How Blondie Thrived By Making ‘Mistakes in Public’

Drummer Clem Burke says Blondie was so successful because they matured in a judgment-free workshop environment at CBGBs.

The New York club became iconic for its nurturing of a wide range of groups who later found success, including the Ramones, Patti Smith, Talking Heads and Television. But Burke argues that the reality of the scene has been misunderstood.

“We were just operating in our own little bubble,” the drummer told Vinyl Writer Music. “The thing I always find very interesting is that the bands that became known as ‘CBGBs bands,’ they couldn’t have been more different from one another. So, I’m not exactly sure what the sound of CBGBs was, except that maybe we were all influenced by one another at one time or another, shared that stage, and we all essentially made our own way.

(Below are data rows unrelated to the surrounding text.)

Lemma affine_dependence4 (q : nat -> pt) : exists mu : nat -> R,
  sum_f_R0 mu 3 = 0 /\ psum mu q 3 = (0, 0) /\ exists j, (j <= 3)%nat /\ 0 < mu j.
Proof.
  destruct (affine_dependence4_neq0 q) as [mu [Hs [Hq [j [Hj Hmu]]]]].
  destruct (Rlt_dec 0 (mu j)); [exists mu; eauto|].
  exists (fun i => - mu i). unfold psum in *; simpl in *. injection Hq; intros.
  repeat split; [lra | f_equal; lra | exists j; split; [exact Hj | lra]].
Qed.

Lemma exists_argmin (f : nat -> R) (P : nat -> Prop) n :
  (exists i, (i <= n)%nat /\ P i) ->
  exists k, (k <= n)%nat /\ P k /\ forall j, (j <= n)%nat -> P j -> f k <= f j.
Proof.
  induction n as [|n IH]; intros [i [Hi Pi]].
  - exists O. assert (i = O) by lia; subst.
    repeat split; auto. intros j Hj _. replace j with O by lia. lra.
  - destruct (classic (exists i, (i <= n)%nat /\ P i)) as [Hex|Hnex].
    + destruct (IH Hex) as [k [Hk [Pk Hmin]]].
      destruct (classic (P (S n) /\ f (S n) < f k)) as [[PS Hlt]|Hno].
      * exists (S n); repeat split; auto. intros j Hj Pj.
        destruct (Nat.eq_dec j (S n)); [subst; lra|].
        specialize (Hmin j ltac:(lia) Pj); lra.
      * exists k; repeat split; auto. intros j Hj Pj.
        destruct (Nat.eq_dec j (S n)); [subst; apply Rnot_lt_le; auto | apply Hmin; auto; lia].
    + exists (S n). assert (Hin : i = S n)
        by (destruct (Nat.eq_dec i (S n)); auto; exfalso; apply Hnex; exists i; split; auto; lia).
      subst. repeat split; auto. intros j Hj Pj.
      destruct (Nat.eq_dec j (S n)); [subst; lra|].
      exfalso; apply Hnex; exists j; split; auto; lia.
Qed.

Lemma caratheodory_step (m : nat -> R) (q : nat -> pt) :
  (forall i, (i <= 3)%nat -> 0 <= m i) -> sum_f_R0 m 3 = 1 ->
  exists m' k, (k <= 3)%nat /\ m' k = 0 /\ (forall i, (i <= 3)%nat -> 0 <= m' i) /\
    sum_f_R0 m' 3 = 1 /\ psum m' q 3 = psum m q 3.
Proof.
  intros Hm Hsum.
  destruct (affine_dependence4 q) as [mu [Hmu0 [Hmuq Hpos]]].
  assert (Hx := f_equal fst Hmuq); assert (Hy := f_equal snd Hmuq); cbn [fst snd psum] in Hx, Hy.
  destruct (exists_argmin (fun i => m i / mu i) (fun i => 0 < mu i) 3 Hpos)
    as [k [Hk [Hmuk Hmin]]].
  (* Move along the affine dependence until the first weight vanishes. *)
  set (theta := m k / mu k).
  assert (Htheta : 0 <= theta)
    by (apply Rmult_le_pos; [apply Hm, Hk | left; apply Rinv_0_lt_compat, Hmuk]).
  exists (fun i => m i - theta * mu i), k. split; [exact Hk|]. split; [unfold theta; field; lra|].
  split; [|split].
  - intros i Hi. destruct (Rlt_dec 0 (mu i)) as [Hmui|Hmui].
    + specialize (Hmin i Hi Hmui). fold theta in Hmin.
      apply (Rmult_le_compat_r (mu i)) in Hmin; [|lra].
      unfold Rdiv in Hmin; rewrite Rmult_assoc, Rinv_l in Hmin; lra.
    + pose proof (Hm i Hi); nra.
  - transitivity (sum_f_R0 m 3 - theta * sum_f_R0 mu 3); [simpl; ring|].
    rewrite Hsum, Hmu0; ring.
  - unfold psum; f_equal.
    + transitivity (sum_f_R0 (fun i => m i * fst (q i)) 3
                    - theta * sum_f_R0 (fun i => mu i * fst (q i)) 3);
      [simpl; ring | rewrite Hx; ring].
    + transitivity (sum_f_R0 (fun i => m i * snd (q i)) 3
                    - theta * sum_f_R0 (fun i => mu i * snd (q i)) 3);
      [simpl; ring | rewrite Hy; ring].
Qed.

Lemma caratheodory_conv3 (P : pt -> Prop) (m : nat -> R) (q : nat -> pt) :
  (forall i, (i <= 3)%nat -> 0 <= m i /\ P (q i)) -> sum_f_R0 m 3 = 1 -> conv3 P (psum m q 3).
Proof.
  intros Hq Hsum.
  destruct (caratheodory_step m q) as [m' [k [Hk [Hk0 [Hm' [Hsum' <-]]]]]];
    [intros i Hi; apply Hq, Hi | exact Hsum|].
  simpl in Hsum'.
  pose proof (Hm' 0%nat ltac:(lia)); pose proof (Hm' 1%nat ltac:(lia));
    pose proof (Hm' 2%nat ltac:(lia)); pose proof (Hm' 3%nat ltac:(lia)).
  pose proof (proj2 (Hq 0%nat ltac:(lia))); pose proof (proj2 (Hq 1%nat ltac:(lia)));
    pose proof (proj2 (Hq 2%nat ltac:(lia))); pose proof (proj2 (Hq 3%nat ltac:(lia))).
  unfold conv3, psum, comb3; simpl.
  assert (Hk4 : (k = 0 \/ k = 1 \/ k = 2 \/ k = 3)%nat) by lia.
  destruct Hk4 as [-> | [-> | [-> | ->]]].
  - exists (m' 1%nat), (m' 2%nat), (q 1%nat), (q 2%nat), (q 3%nat).
    repeat split; auto; try lra.
    replace (1 - m' 1%nat - m' 2%nat) with (m' 3%nat) by lra. rewrite Hk0; pt_eq.
  - exists (m' 0%nat), (m' 2%nat), (q 0%nat), (q 2%nat), (q 3%nat).
    repeat split; auto; try lra.
    replace (1 - m' 0%nat - m' 2%nat) with (m' 3%nat) by lra. rewrite Hk0; pt_eq.
  - exists (m' 0%nat), (m' 1%nat), (q 0%nat), (q 1%nat), (q 3%nat).
    repeat split; auto; try lra.
    replace (1 - m' 0%nat - m' 1%nat) with (m' 3%nat) by lra. rewrite Hk0; pt_eq.
  - exists (m' 0%nat), (m' 1%nat), (q 0%nat), (q 1%nat), (q 2%nat).
    repeat split; auto; try lra.
    replace (1 - m' 0%nat - m' 1%nat) with (m' 2%nat) by lra. rewrite Hk0; pt_eq.
Qed.

Lemma conv3_lerp (P : pt -> Prop) c p t :
  conv3 P c -> P p -> 0 <= t <= 1 -> conv3 P (lerp t c p).
Proof.
  intros [l1 [l2 [p1 [p2 [p3 [H1 [H2 [H3 [P1 [P2 [P3 ->]]]]]]]]]]] Hp Ht.
  set (m := fun i => match i with
            | O => (1 - t) * l1 | 1%nat => (1 - t) * l2 | 2%nat => (1 - t) * (1 - l1 - l2)
            | _ => t end).
  set (q := fun i => match i with O => p1 | 1%nat => p2 | 2%nat => p3 | _ => p end).
  replace (lerp t (comb3 l1 l2 p1 p2 p3) p) with (psum m q 3)
    by (unfold psum, m, q, comb3; simpl; pt_eq).
  apply caratheodory_conv3; [|unfold m; simpl; ring].
  intros i Hi. assert (Hi4 : (i = 0 \/ i = 1 \/ i = 2 \/ i = 3)%nat) by lia.
  destruct Hi4 as [-> | [-> | [-> | ->]]]; unfold m, q; split; auto; nra.
Qed.

Lemma seqcompact_triangle :
  seqcompact (fun l : pt => 0 <= fst l /\ 0 <= snd l /\ fst l + snd l <= 1).
Proof.
  apply (seqcompact_of_closed_bounded _ 2).
  - intros u c Hu Hc. pose proof (cvg_pt_fst _ _ Hc); pose proof (cvg_pt_snd _ _ Hc).
    repeat split.
    + apply (lim_le (fun _ => 0) (fun n => fst (u n))); auto using is_lim_seq_const.
      intros n; apply Hu.
    + apply (lim_le (fun _ => 0) (fun n => snd (u n))); auto using is_lim_seq_const.
      intros n; apply Hu.
    + apply (lim_le (fun n => fst (u n) + snd (u n)) (fun _ => 1)); auto using is_lim_seq_const.
      * intros n; apply Hu.
      * apply is_lim_seq_plus'; auto.
  - intros l Hl. eapply Rle_trans; [apply norm2_le_Rabs|].
    rewrite !Rabs_pos_eq; lra.
Qed.

Lemma seqcompact_conv3 P : seqcompact P -> seqcompact (conv3 P).
Proof.
  intros HP u Hu.
  destruct (choice _ Hu) as [l1 Hw]; destruct (choice _ Hw) as [l2 Hw'];
    destruct (choice _ Hw') as [q1 Hw'']; destruct (choice _ Hw'') as [q2 Hw'''];
    destruct (choice _ Hw''') as [q3 H]; clear Hw Hw' Hw'' Hw'''.
  destruct (seqcompact_triangle (fun n => (l1 n, l2 n))) as [s1 [L [Hs1 [HL CL]]]].
  { intros n; simpl; destruct (H n) as [? [? [? _]]]; auto. }
  destruct (HP (fun k => q1 (s1 k))) as [s2 [c1 [Hs2 [Pc1 C1]]]]; [intros; apply H|].
  destruct (HP (fun k => q2 (s1 (s2 k)))) as [s3 [c2 [Hs3 [Pc2 C2]]]]; [intros; apply H|].
  destruct (HP (fun k => q3 (s1 (s2 (s3 k))))) as [s4 [c3 [Hs4 [Pc3 C3]]]]; [intros; apply H|].
  apply (cvg_pt_subseq _ _ (fun k => s2 (s3 (s4 k)))) in CL;
    [|apply strict_incr_comp; [|apply strict_incr_comp]; auto].
  apply (cvg_pt_subseq _ _ (fun k => s3 (s4 k))) in C1; [|apply strict_incr_comp; auto].
  apply (cvg_pt_subseq _ _ s4) in C2; [|auto].
  pose proof (cvg_pt_fst _ _ CL) as CL1; pose proof (cvg_pt_snd _ _ CL) as CL2; simpl in CL1, CL2.
  exists (fun k => s1 (s2 (s3 (s4 k)))), (comb3 (fst L) (snd L) c1 c2 c3).
  split; [apply strict_incr_comp; [|apply strict_incr_comp; [|apply strict_incr_comp]]; auto|].
  split.
  - exists (fst L), (snd L), c1, c2, c3. destruct HL as [? [? ?]]. repeat split; auto.
  - apply (cvg_pt_ext (fun k => comb3 (l1 (s1 (s2 (s3 (s4 k))))) (l2 (s1 (s2 (s3 (s4 k)))))
            (q1 (s1 (s2 (s3 (s4 k))))) (q2 (s1 (s2 (s3 (s4 k))))) (q3 (s1 (s2 (s3 (s4 k))))))).
    { intros k; symmetry; apply H. }
    unfold comb3. repeat apply cvg_pt_padd; apply cvg_pt_pscale; auto.
    apply is_lim_seq_minus'; [apply is_lim_seq_minus'; auto using is_lim_seq_const|]; auto.
Qed.

Lemma nearest_point_vi (C : pt -> Prop) u c p :
  (forall z, C z -> sqnorm (psub u c) <= sqnorm (psub u z)) ->
  (forall t, 0 < t <= 1 -> C (lerp t c p)) ->
  dot (psub u c) (psub p c) <= 0.
Proof.
  intros Hmin Hseg. pose proof (sqnorm_ge0 (psub p c)) as Hd.
  apply le_of_le_add_eps; intros e He.
  destruct (exists_small_step (sqnorm (psub p c)) e Hd He) as [t [Ht Hte]].
  specialize (Hmin _ (Hseg t Ht)).
  assert (E : sqnorm (psub u (lerp t c p)) = sqnorm (psub u c)
                - 2 * t * dot (psub u c) (psub p c) + t * t * sqnorm (psub p c)) by pt_ring.
  rewrite E in Hmin. apply (Rmult_le_reg_l t); [lra|]. nra.
Qed.

(* For the point [c] of the hull nearest to [u], no point of [P] goes beyond [c] in the
   direction [u - c]; the hypothesis then forces [u = c]. *)
Lemma conv3_of_support (P : pt -> Prop) u : seqcompact P -> (exists p, P p) ->
  (forall h, exists p, P p /\ dot u h <= dot p h) -> conv3 P u.
Proof.
  intros HP [p0 Hp0] Hsupp.
  destruct (exists_minimizer (conv3 P) (fun z => sqnorm (psub u z)) 0 (comb3 1 0 p0 p0 p0))
    as [c [Hc Hmin]].
  - exists 1, 0, p0, p0, p0. repeat split; auto; lra.
  - intros; apply sqnorm_ge0.
  - apply seqcompact_conv3, HP.
  - intros v c' Hv. apply is_lim_seq_sqnorm, cvg_pt_psub; [apply cvg_pt_const | exact Hv].
  - destruct (Hsupp (psub u c)) as [p [Pp Hp]].
    assert (Hvi : dot (psub u c) (psub p c) <= 0)
      by (apply (nearest_point_vi (conv3 P)); auto; intros t Ht; apply conv3_lerp; auto; lra).
    replace u with c; [exact Hc|]. symmetry; apply sqnorm_le0_eq.
    unfold sqnorm, dot, psub in *; simpl in *. lra.
Qed.

(** * The Clarke subdifferential of the squared distance *)

(* Twice the Asplund function of [A], i.e. [z |-> sup_(a in A) (2 <z, a> - |a|^2)]. *)
Definition asplund (A : pt -> Prop) (z : pt) : R := sqnorm z - dist2_set A z.

Definition nearest (A : pt -> Prop) (x p : pt) : Prop := A p /\ norm2 (psub p x) = dist_set A x.

Section Asplund.

Variables (A : pt -> Prop) (a0 : pt).
Hypothesis A_a0 : A a0.

Lemma asplund_ge a z : A a -> 2 * dot z a - sqnorm a <= asplund A z.
Proof.
  intros Ha. pose proof (dist2_set_le A a0 A_a0 z a Ha).
  unfold asplund; unfold sqnorm, dot, psub in *; simpl in *; nra.
Qed.

Lemma asplund_le_sqnorm z : asplund A z <= sqnorm z.
Proof. unfold asplund; pose proof (dist2_set_ge0 A a0 A_a0 z); lra. Qed.

Lemma asplund_convex : convex_fun (asplund A).
Proof.
  intros a b t Ht. unfold asplund at 1.
  enough (sqnorm (lerp t a b) - ((1 - t) * asplund A a + t * asplund A b)
          <= dist2_set A (lerp t a b)) by lra.
  apply (dist2_set_ge A a0 A_a0); intros x Hx.
  pose proof (Rmult_le_compat_l (1 - t) _ _ ltac:(lra) (asplund_ge x a Hx)).
  pose proof (Rmult_le_compat_l t _ _ ltac:(lra) (asplund_ge x b Hx)).
  assert (E : sqnorm (psub x (lerp t a b)) = sqnorm (lerp t a b)
                - ((1 - t) * (2 * dot a x - sqnorm x) + t * (2 * dot b x - sqnorm x))) by pt_ring.
  rewrite E; lra.
Qed.

Lemma asplund_seq_continuous : seq_continuous (asplund A).
Proof.
  intros u c Hc. unfold asplund, dist2_set.
  apply is_lim_seq_minus'; [apply is_lim_seq_sqnorm, Hc|].
  apply is_lim_seq_sqr, (dist_set_seq_continuous A a0 A_a0), Hc.
Qed.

“For me, CBGBs was a workshop that basically enabled us to make our mistakes in public,” Burke added. “Very few of those moments were captured on video because, obviously, there were no cell phones with cameras and things like that. We were able to work through our original music in front of a minimal audience and get the feedback that we needed to continue. … When we would play CBGBs, maybe 100 people – that were mostly other musicians – would be in the audience.”

Burke estimated that he probably saw the Ramones 100 times between 1975 and 1976, including nights on which Blondie played alongside them. “The analogy that I always like to make … is that there was probably the same kind of thing going on at the Cavern Club in the mid-‘60s down in Liverpool [where] you had many bands playing in front of selective audiences, and a handful of those bands became these worldwide phenomena – particularly, of course, the Beatles.”

Most of the CBGBs band, he said, were exploring a style of music that was “not popular at all” at the time. “It was the era of bands like Yes, Kansas, Led Zeppelin and things like that, and we were more harkening back to the music that influenced us from the start – which was from the ‘50s and ‘60s. That’s really the original sound of Blondie.”